Sabe-se que técnicas marciais são muito mais antigas que qualquer registro histórico, porém sabe-se que no século V a.C um monge indiano de nome Bodhidharma peregrinou a China no intuito de ensinar técnicas de relevância espiritual tais como meditação e técnicas respiratórias. Ao perceber que os alunos não suportavam as longas horas de aprendizado, decidiu passar para eles movimentos de fortalecimento dos músculos e articulações, como se fosse uma ginástica, tal qual a conhecemos. Acredita-se que estes movimentos possuem outra origem que não a chinesa, mas nada pode ser constatado de fato. A China sempre esteve em guerras internas, rebeliões e golpes de estado, e também guerras contra outros povos que pretendiam dominar o gigante asiático e suas riquezas. Os monges, assaz determinados em suas disciplinas, acabaram por tornar-se exports em técnicas de luta, que em algum momento da história, deixou de ser terapêutica e evolutiva e passou a ser marcial e combativa, com isso ajudando imperadores a suportar os ataques inimigos. O mais famoso dos templos é o de Shaolin, mas muitos outros também tiveram papel importante na história da China como templo de Wudang. A palavra kung fu significa, entre outras coisas, ter habilidade, então denominou-se, aquilo que os monges demonstraram, de kung fu.
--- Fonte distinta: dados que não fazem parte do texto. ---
Lemma witness_le_mchk p D n b : mchk p = Some b ->
  {subset D <= p} -> last 0%N p \in D -> scarcity_witness D n -> (n <= b)%N.
Proof.
rewrite /Defs.mchk /esup; case: pselect => // hb [<-] hDp hlast [T [[hu hT0 hn] hT]].
case: ex_maxnP => k _; apply; apply/orP; right; apply/asboolP.
by exists T, D.
Qed.

Definition upto_bound (s : seq nat) (i m : nat) : Prop :=
  forall D n, {subset D <= upto s i} -> i \in D -> scarcity_witness D n -> (n <= m)%N.

Lemma upto_bound_insert i m : (0 < i)%N -> mstar i = Some m -> upto_bound (proc i).1 i m.
Proof.
case: i => [//|i] _ hm.
have [a1 [a2 [Ha -> Hm _ _]]] := proc_step i.
have : i.+1 \notin (proc i).1 by rewrite mem_proc ltnn andbF.
rewrite Ha mem_cat negb_or => /andP[hia1 _].
rewrite /upto_bound upto_cat // => D n hD hiD.
by apply: (witness_le_mchk (p := rcons a1 i.+1)) hD _; rewrite ?last_rcons // -Hm.
Qed.

Lemma upto_bound_step n i m : i \in (proc n).1 -> (proc n).2 i = Some m ->
  upto_bound (proc n).1 i m -> upto_bound (proc n.+1).1 i m.
Proof.
move=> hi hm.
have [a1 [a2 [Ha -> _ _ Hpass]]] := proc_step n.
have hnew : n.+1 \notin a1 ++ a2 by rewrite -Ha mem_proc ltnn andbF.
case: (boolP (i \in a1)) => hia1; first by rewrite /upto_bound Ha !upto_catl.
have [a2' [a2'' [Ha2 hia2']]] : exists a2' a2'', a2 = a2' ++ i :: a2'' /\ i \notin a2'.
  by apply: split_first; move: hi; rewrite Ha mem_cat (negbTE hia1).
have hin : i != n.+1 by apply: contraNneq hnew => <-; rewrite -Ha.
rewrite /upto_bound Ha Ha2 catA (catA a1 (n.+1 :: a2') (i :: a2'')) !upto_cat; first last.
- by rewrite mem_cat negb_or hia1.
- by rewrite mem_cat in_cons negb_or hia1 /= negb_or hin.
move=> IH D k hD hiD hw.
case: (boolP (n.+1 \in D)) => hnD.
  (* L_(n+1) passed L_i, so its check value just behind L_i is at most m. *)
  have := Hpass a2' i a2'' Ha2; rewrite hm.
  case E: (mchk (rcons (a1 ++ a2' ++ [:: i]) n.+1)) => [b|] /= hbm //.
  rewrite -leqNgt in hbm; apply: leq_trans hbm.
  apply: (witness_le_mchk E) _ _ hw; last by rewrite last_rcons.
  move=> y /hD; rewrite !(mem_rcons, in_cons, mem_cat) in_nil orbF.
  by move: (y == i) (y \in a1) (y == n.+1) (y \in a2') => [] [] [] [] /=.
apply: (IH D k) => // y hy; have hyn : y != n.+1 by apply: contraNneq hnD => <-.
by move: (hD y hy); rewrite !(mem_rcons, in_cons, mem_cat) (negbTE hyn).
Qed.

Lemma upto_bound_mstar i m n : (0 < i <= n)%N -> mstar i = Some m ->
  upto_bound (proc n).1 i m.
Proof.
case/andP=> hi0; elim: n => [|n IH]; first by case: i hi0.
rewrite leq_eqVlt => /orP[/eqP <-|hin] hm; first exact: upto_bound_insert.
apply: upto_bound_step (IH hin hm); first by rewrite mem_proc hi0.
by rewrite proc_mstar.
Qed.

End Procedure.

Section Distributions.
Variables (U : countType) (R : realFieldType) (K : nat) (grp : U -> 'I_K).

Lemma sum_distA (D : dist U R) : \sum_(h < K) distA grp D h = \sum_(a <- D) a.2.
Proof.
elim: D => [|a D IH]; first by rewrite big_nil big1 // => h _; rewrite /distA /prob big_nil.
rewrite big_cons -IH /distA /prob.
under eq_bigr do rewrite big_cons.
rewrite (bigD1 (grp a.1)) //= asboolT // [in RHS](bigD1 (grp a.1)) //= -addrA.
congr (_ + (_ + _)); apply: eq_bigr => h hne.
by rewrite asboolF // => /eqP; rewrite eq_sym (negbTE hne).
Qed.

Lemma emp_mass (S : seq U) : S != [::] -> \sum_(a <- emp R S) a.2 = 1.
Proof.
move=> hS; rewrite big_map big_const_seq count_predT iter_addr_0.
by rewrite -[_ *+ size S]mulr_natr mulVf // pnatr_eq0 size_eq0.
Qed.

Lemma empA_ge0 (S : seq U) g : 0 <= empA R grp S g.
Proof. by rewrite /empA /distA /prob big_map; apply: sumr_ge0 => y _; rewrite invr_ge0. Qed.

Lemma sum_empA (S : seq U) : S != [::] -> \sum_(h < K) empA R grp S h = 1.
Proof. by move=> hS; rewrite /empA sum_distA emp_mass. Qed.

Lemma distA_pick (sc : 'I_K -> bool) (sel : 'I_K -> U) (w : 'I_K -> R) h :
  (forall g, ~~ sc g -> grp (sel g) = g) ->
  distA grp [seq (sel g, w g) | g <- enum 'I_K & ~~ sc g] h = if sc h then 0 else w h.
Proof.
move=> hsel; rewrite /distA /prob big_map big_filter_cond big_mkcond /=.
rewrite big_enum_cond big_mkcond /= (bigD1 h) //= big1 ?addr0.
  by case: (boolP (sc h)) => //= hs; rewrite asboolT //; apply: hsel.
move=> g hg; case: (boolP (sc g)) => //= hsg.
by rewrite asboolF // hsel // => /eqP; rewrite (negbTE hg).
Qed.

Lemma prob_supported (D : dist U R) (P : U -> Prop) :
  (forall a, a \in D -> P a.1) -> prob D P = \sum_(a <- D) a.2.
Proof.
move=> hP; rewrite /prob big_seq_cond [RHS]big_seq; apply: eq_bigl => a.
by case: (boolP (a \in D)) => //= h; rewrite asboolT //; apply: hP.
Qed.

End Distributions.

Section Generator.
Variables (U : countType) (R : realFieldType) (K : nat) (grp : U -> 'I_K)
          (alpha : R) (L : nat -> set U).

Local Notation suffers := (suffers grp alpha L).
Local Notation scarce I S g := `[< scarceG grp L I S g >].
Local Notation empA := (empA R grp).

Definition accept (S : seq U) (I : seq nat) (k : nat) : seq nat :=
  if `[< (forall y, y \in S -> L k y) /\ ~ suffers (rcons I k) S >] then rcons I k else I.

Lemma It_foldl order S : It grp alpha L order S = foldl (accept S) [::] order.
Proof. by []. Qed.

Lemma foldl_accept_subset S p acc : {subset acc <= foldl (accept S) acc p}.
Proof.
elim: p acc => [|k p IH] acc y hy //=; apply: IH; rewrite /accept.
by case: ifP => // _; rewrite mem_rcons in_cons hy orbT.
Qed.

Lemma mem_foldl_accept S p acc k : k \in foldl (accept S) acc p ->
  k \in acc \/ (k \in p /\ forall y, y \in S -> L k y).
Proof.
elim: p acc => [|a p IH] acc /=; first by left.
move/IH => [|[hk hL]]; last by right; rewrite in_cons hk orbT.
rewrite /accept; case: ifP => [/asboolP [hS _]|_]; last by left.
rewrite mem_rcons in_cons => /orP[/eqP ->|]; last by left.
by right; rewrite mem_head.
Qed.

Lemma foldl_accept_nsuffers S p acc :
  foldl (accept S) acc p = acc \/ ~ suffers (foldl (accept S) acc p) S.
Proof.
elim: p acc => [|a p IH] acc /=; first by left.
case: (IH (accept S acc a)) => [->|]; last by right.
by rewrite /accept; case: ifP => [/asboolP [_ h]|_]; [right | left].
Qed.

Lemma It_nsuffers order S : It grp alpha L order S != [::] ->
  ~ suffers (It grp alpha L order S) S.
Proof. by rewrite It_foldl; case: (foldl_accept_nsuffers S order [::]) => [->|]. Qed.

Lemma mem_It order S i : i \in order -> (forall y, y \in S -> L i y) ->
  (forall D, {subset D <= upto order i} -> i \in D ->
     (forall y, y \in S -> inter L D y) -> ~ suffers D S) ->
  i \in It grp alpha L order S.
Proof.
move=> hi hS; have [p [q [-> hip]]] := split_first hi.
rewrite It_foldl upto_cat // foldl_cat /= => hD; apply: foldl_accept_subset.
set I := foldl (accept S) [::] p.
have hI k : k \in I -> k \in p /\ forall y, y \in S -> L k y by case/mem_foldl_accept.
rewrite /accept asboolT ?mem_rcons ?mem_head //; split => //.
apply: hD => [k||y hy k].
- by rewrite !mem_rcons !in_cons => /orP[->//|/hI[-> _]]; rewrite orbT.
- by rewrite mem_rcons mem_head.
- by rewrite mem_rcons in_cons => /orP[/eqP ->|/hI[_ hk]]; [exact: hS | exact: hk].
Qed.

Definition extra_mass (I : seq nat) (S : seq U) : R :=
  (K - nscarce grp L I S)%:R^-1 * \sum_(h < K | scarce I S h) empA S h.

Definition redistribute (I : seq nat) (S : seq U) (sel : 'I_K -> U) : dist U R :=
  [seq (sel g, empA S g + extra_mass I S) | g <- enum 'I_K & ~~ scarce I S g].

Lemma Gen_redistribute f x sel t : It_at grp alpha L f x t != [::] ->
  Gen grp alpha L f x sel t = redistribute (It_at grp alpha L f x t) (St x t) (sel t).
Proof. by rewrite /Gen; case: (It_at grp alpha L f x t). Qed.

Section Redistribution.
Variables (I : seq nat) (S : seq U) (sel : 'I_K -> U).
Hypothesis nsuffers_IS : ~ suffers I S.
Hypothesis sel_grp : forall g, ~~ scarce I S g -> grp (sel g) = g.

Lemma scarce_empA_le g : scarceG grp L I S g -> empA S g <= alpha.
Proof. by move=> hg; rewrite leNgt; apply/negP => hlt; apply: nsuffers_IS; left; exists g. Qed.

Lemma sum_scarce_empA_le :
  \sum_(h < K | scarce I S h) empA S h <= alpha * (K - nscarce grp L I S)%:R.
Proof. by rewrite leNgt; apply/negP => hlt; apply: nsuffers_IS; right. Qed.

Lemma extra_mass_le : 0 <= alpha -> extra_mass I S <= alpha.
Proof.
move=> ha; rewrite /extra_mass; set c := (K - _)%N.
have [->|hc] := eqVneq c 0%N; first by rewrite invr0 mul0r.
rewrite ler_pdivrMl ?ltr0n ?lt0n // mulrC; exact: sum_scarce_empA_le.
Qed.

Lemma distA_redistribute h : distA grp (redistribute I S sel) h =
  if scarce I S h then 0 else empA S h + extra_mass I S.
Proof. exact: distA_pick. Qed.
O kung fu não é uma semente, o kung fu é a água que rega a semente, assim as possibilidades de sementes germinarem no kung fu são imensas, soma-se a isto a grande capacidade do ser humano de criar, modificar e descobrir um universo de possibilidades, brotando uma gama enorme de estilos e técnicas, todas ramificadas das técnicas terapêuticas entregues por Bodhidharma, ao qual provavelmente, também recebeu como aprendizado de alguém. Buscou-se como fonte inspiradora a mãe natureza, repleta de situações de luta e sobrevivência, onde monges e mestres copiaram a sagacidade de determinados animais em lidar com as situações de conflito. O Kung fu passou a representar, espiritualmente, a força destes animais e sua sabedoria em sobreviver às adversidades.
Um destes animais foi o leão da montanha, que em 1664 um mestre chamado Ch'an P'iu P'ao (nome em cantonês) resolveu atribuir as qualidades deste felino, adaptando as características do animal, ao pensamento e comportamento humano, bem como as suas necessidades. Na realidade não é querer ser o animal, até porque é improvável fisicamente, mas sim captar o espírito de vitoria e luta do animal, atacar na hora certa, atacar se realmente precisar, visto que um leão ataca para defender interesses que podem pôr em risco sua evolução neste planeta. E imitando o espírito do animal, conseguir ser humano, muito mais humano que normalmente seriamos, pois ao conhecer o mal e seu poder, pendemos para o lado do bem.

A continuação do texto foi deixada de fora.